====== AVAILABLE RECORDS

Lemma pleq_cum_upper k N : 0 < k -> k * pleq_cum k N <= (N + 'C(k, 2)) * pleq k N.
Proof.
move=> k0; rewrite mulnDl sum_of_parts -sum_pred_bin2 big_distrl /= -big_split /=.
have -> : k * pleq_cum k N = \sum_(1 <= v < k.+1) pleq_cum k N.
  by rewrite sum_nat_const_nat subn1.
rewrite big_nat_cond [X in _ <= X]big_nat_cond.
by apply: leq_sum => v /andP[/andP[h1 _] _]; apply: mult_total_lower.
Qed.

(* Comparing pleq k N with pleq k (N - 'C(k, 2)) through S(N):
   N * P(N) <= k * S(N) = k * S(N - C) + k * (P(N - C) + ... + P(N - 1))
            <= N * P(N - C) + k * C * P(N). *)
Lemma pleq_defect k N : 0 < k -> 'C(k, 2) <= N ->
  N * pleq k N <= N * pleq k (N - 'C(k, 2)) + k * 'C(k, 2) * pleq k N.
Proof.
move=> k0 CN; set C := 'C(k, 2); set a := N - C.
have aC : a + C = N by rewrite /a subnK.
have hupper := pleq_cum_upper a k0; rewrite -/C aC in hupper.
have /andP[_ htail] := pleq_sum_bounds a N k0.
have NaC : N - a = C by rewrite /a; lia.
rewrite NaC -(leq_pmul2l k0) in htail.
have := pleq_cum_lower N k0; rewrite (pleq_cum_split k (leq_subr C N)) -/a mulnDr.
by rewrite -mulnA; lia.
Qed.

============

*ABOUT THIS TASK:*
Exactly as written, transcribe each line of the data.

*RESULT:*
Lemma pleq_cum_upper k N : 0 < k -> k * pleq_cum k N <= (N + 'C(k, 2)) * pleq k N.
Proof.
move=> k0; rewrite mulnDl sum_of_parts -sum_pred_bin2 big_distrl /= -big_split /=.
have -> : k * pleq_cum k N = \sum_(1 <= v < k.+1) pleq_cum k N.
  by rewrite sum_nat_const_nat subn1.
rewrite big_nat_cond [X in _ <= X]big_nat_cond.
by apply: leq_sum => v /andP[/andP[h1 _] _]; apply: mult_total_lower.
Qed.

(* Comparing pleq k N with pleq k (N - 'C(k, 2)) through S(N):
   N * P(N) <= k * S(N) = k * S(N - C) + k * (P(N - C) + ... + P(N - 1))
            <= N * P(N - C) + k * C * P(N). *)
Lemma pleq_defect k N : 0 < k -> 'C(k, 2) <= N ->
  N * pleq k N <= N * pleq k (N - 'C(k, 2)) + k * 'C(k, 2) * pleq k N.
Proof.
move=> k0 CN; set C := 'C(k, 2); set a := N - C.
have aC : a + C = N by rewrite /a subnK.
have hupper := pleq_cum_upper a k0; rewrite -/C aC in hupper.
have /andP[_ htail] := pleq_sum_bounds a N k0.
have NaC : N - a = C by rewrite /a; lia.
rewrite NaC -(leq_pmul2l k0) in htail.
have := pleq_cum_lower N k0; rewrite (pleq_cum_split k (leq_subr C N)) -/a mulnDr.
by rewrite -mulnA; lia.
Qed.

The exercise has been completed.